The Memory of Love
Page 31
Helena. It sounds like Tejani might even marry her. We, he says in his letter. ‘We’ are going to buy a place. Kai still hasn’t congratulated him for his exam pass. He pens a few lines, striving for and falling short of Tejani’s cheerful tone.
How Nenebah had envied Kai. He knew, for she had told him. She’d envied him the cleanliness of his work, the moral purity of the task at hand.
They’d been lying in bed, spooned against each other, he was still inside her, savouring the slipperiness of semen and sweat. Once she described for him the sensation that followed his withdrawal from her body if it happened too soon, his abandonment of her body. Loss, she said. It felt like loss.
That night was some years after she dropped out of college. What had he done wrong? He never really knew. He had to be up early for surgery. She was broody and angry with him and in a visceral way he knew why. It was for knowing every morning when he awoke, without any shade of doubt, what he was there to do, the certainty she no longer possessed. She’d lost her faith at exactly the same time he’d found his. Neither one of them expected such a thing to happen.
After the lovemaking, she’d pulled away, withdrawing her body from him. Suddenly no longer inside her, he experienced the sensation as a shock. An abandonment. And later, in the middle of the night, he reached for her and failed to find her, saw her standing by the open window. He’d gone over and drawn her back into bed. Lying against her into the early hours, he could feel the rapid beating of her heart. Neither of them spoke. Neither of them slept.

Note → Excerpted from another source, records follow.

(* The bi-monotonic product is associative: for any three pairs of algebras $(\mathcal{A}_{k,\ell},\mathcal{A}_{k,r})$, $k=1,2,3$, with linear functionals $\varphi_k$ on $\mathcal{A}_{k,\ell}\sqcup\mathcal{A}_{k,r}$, one has \[(\varphi_1\rhd\!\!\rhd\varphi_2)\rhd\!\!\rhd\varphi_3=\varphi_1\rhd\!\!\rhd(\varphi_2\rhd\!\!\rhd\varphi_3)\] as linear functionals on $(\mathcal{A}_{1,\ell}\sqcup\mathcal{A}_{1,r})\sqcup(\mathcal{A}_{2,\ell}\sqcup\mathcal{A}_{2,r})\sqcup(\mathcal{A}_{3,\ell}\sqcup\mathcal{A}_{3,r})$ (under the natural identifications). Here a product $\varphi_i\rhd\!\!\rhd\varphi_j$ is regarded as a functional on the pair of algebras $(\mathcal{A}_{i,\ell}\sqcup\mathcal{A}_{j,\ell},\ \mathcal{A}_{i,r}\sqcup\mathcal{A}_{j,r})$, using $(\mathcal{A}_{i,\ell}\sqcup\mathcal{A}_{i,r})\sqcup(\mathcal{A}_{j,\ell}\sqcup\mathcal{A}_{j,r})\cong(\mathcal{A}_{i,\ell}\sqcup\mathcal{A}_{j,\ell})\sqcup(\mathcal{A}_{i,r}\sqcup\mathcal{A}_{j,r})$.
   Context: For algebras $\mathcal{C}_k$, $\sqcup_k\mathcal{C}_k$ denotes the free product without identification of units, $*_k\mathcal{C}_k$ denotes the free product of unital algebras with identification of units, and $\widetilde{\mathcal{C}}=\mathbb{C}1\oplus\mathcal{C}$ denotes the unitization; one has $\widetilde{\mathcal{C}_1}*\widetilde{\mathcal{C}_2}\cong\widetilde{\mathcal{C}_1\sqcup\mathcal{C}_2}$. Notation. For $n\ge1$ and $\chi:\{1,\dots,n\}\to\{\ell,r\}$ with $\chi^{-1}(\{\ell\})=\{i_1<\dots<i_p\}$ and $\chi^{-1}(\{r\})=\{i_{p+1}>\dots>i_n\}$, let $\prec_\chi$ be the total order $i_1\prec_\chi i_2\prec_\chi\cdots\prec_\chi i_n$ on $\{1,\dots,n\}$. A $\chi$-interval is a subset of $\{1,\dots,n\}$ which is an interval for $\prec_\chi$. For $V=\{v_1<\dots<v_s\}\subseteq\{1,\dots,n\}$ write $a_V=a_{v_1}\cdots a_{v_s}$; a functional applied to the empty product equals $1$. For $\omega:\{1,\dots,n\}\to K$, $\pi_{\chi,\omega}$ is the unique partition of $\{1,\dots,n\}$ into blocks $V_1,\dots,V_m$ such that each $V_k$ is a $\chi$-interval, $\max_{\prec_\chi}V_k\prec_\chi\min_{\prec_\chi}V_{k+1}$, $\omega$ is constant on each $V_k$, and $\omega(V_k)\ne\omega(V_{k+1})$ for $1\le k\le m-1$. c-bi-free product. Given pairs of unital algebras $(\mathcal{B}_{k,\ell},\mathcal{B}_{k,r})_{k\in K}$ and unital linear functionals $\varphi_k,\psi_k$ on $\mathcal{B}_{k,\ell}*\mathcal{B}_{k,r}$, their c-bi-free product $(\varphi,\psi)$ is the unique pair of unital linear functionals on $*_k(\mathcal{B}_{k,\ell}*\mathcal{B}_{k,r})$ restricting to $\varphi_k,\psi_k$ on each $\mathcal{B}_{k,\ell}*\mathcal{B}_{k,r}$ and such that whenever $n\ge1$, $\chi:\{1,\dots,n\}\to\{\ell,r\}$, $\omega:\{1,\dots,n\}\to K$, $b_j\in\mathcal{B}_{\omega(j),\chi(j)}$ and $\psi(b_V)=0$ for all $V\in\pi_{\chi,\omega}$, then $\psi(b_1\cdots b_n)=0$ and $\varphi(b_1\cdots b_n)=\prod_{V\in\pi_{\chi,\omega}}\varphi(b_V)$. Bi-monotonic product. Let $(\mathcal{A}_{k,\ell},\mathcal{A}_{k,r})$, $k=1,2$, be pairs of algebras with linear functionals $\varphi_k$ on $\mathcal{A}_{k,\ell}\sqcup\mathcal{A}_{k,r}$. Let $\widetilde{\varphi_k}$ be the unital extension of $\varphi_k$ to $\widetilde{\mathcal{A}_{k,\ell}}*\widetilde{\mathcal{A}_{k,r}}\cong\widetilde{\mathcal{A}_{k,\ell}\sqcup\mathcal{A}_{k,r}}$, and $\delta_1$ the unital functional on $\widetilde{\mathcal{A}_{1,\ell}\sqcup\mathcal{A}_{1,r}}$ vanishing on $\mathcal{A}_{1,\ell}\sqcup\mathcal{A}_{1,r}$. Let $(\widetilde\varphi,\widetilde\psi)$ be the c-bi-free product of $(\widetilde{\varphi_1},\delta_1)$ and $(\widetilde{\varphi_2},\widetilde{\varphi_2})$ for the pairs $(\widetilde{\mathcal{A}_{k,\ell}},\widetilde{\mathcal{A}_{k,r}})$, $k=1,2$. The bi-monotonic product $\varphi_1\rhd\!\!\rhd\varphi_2$ is the restriction of $\widetilde\varphi$ to $(\mathcal{A}_{1,\ell}\sqcup\mathcal{A}_{1,r})\sqcup(\mathcal{A}_{2,\ell}\sqcup\mathcal{A}_{2,r})$. *)

From HB Require Import structures.
From mathcomp Require Import all_boot all_order all_algebra.
Set Implicit Arguments. Unset Strict Implicit. Unset Printing Implicit Defensive.
Import Order.TTheory GRing.Theory Num.Theory.
Local Open Scope ring_scope.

He picks up the pen again and continues to write, congratulating Tejani on the exam pass. In his letter Tejani reminds Kai of the days they’d been forced to revise by torchlight, of the petition the students had raised and presented at the Vice Chancellor’s office. The authorities were having none of it and the gathering had grown angry. It is a wonder to him now, to think of it, the students’ moral indignation. Where the hell had they even got the idea they had the right to it? The Vice Chancellor’s reaction had been one of cold fury. He’d remained in his office while he sent security to deal with them. A security officer had taken the petition, and for a foolish moment a cheer had gone up: the students thought they had a victory.
Instead they had given the authorities a place to begin. A list of dissenters.
Nenebah left soon after. Life on the campus became untenable for her, so she said. Kai thought she’d given in too easily. But he had sensed also the anger in her, the desire to hurt someone for what had happened.
Hey, man, Kai writes, does the new house come with a pool as well as a couch? Get ready for your new house guest. When he finishes the letter he seals the edges and puts it in his pocket. He is minded to walk down to the post office, then remembers it is Sunday. The heat has yet to break. Kai can hear the recitatives of the evangelical churches, the exhortations of their pastors, the wild assurances of the congregations. His cousin had gone to church. He has lent her Old Faithful.
‘Abass!’ he calls.
The boy appears suspiciously quickly.
‘Want to go to the beach?’
‘Yes!’
‘Hurry up then. Fetch your trunks. How about a curry at the Ocean Club?’
Abass races into the house. Kai follows to fetch his own trunks, a paperback and his sunglasses. He finds the glasses on the coffee table in the sitting room. When Abass appears, he puts his arm around the boy’s shoulders.
‘All ready?’
Abass nods.
Out in the street, away from the shade of the yard, the shadows are sharp, the edges hard, colours brilliant beneath the sun. Kai reaches for his sunglasses and puts them on. Without warning his vision grows blurred, the brightness disappears, the edges of the house grow indistinct and the shadows merge into each other. He stops, uncertain of his steps. He removes his glasses.
‘Very funny, Abass,’ he says.
The kid is rocking from side to side, clutching his belly, laughing.
Kai makes as though to lunge at him. The child ducks. They walk down the street towards the main road. In the back of the cab Kai peels away the layer of cling film from the inside of his glasses.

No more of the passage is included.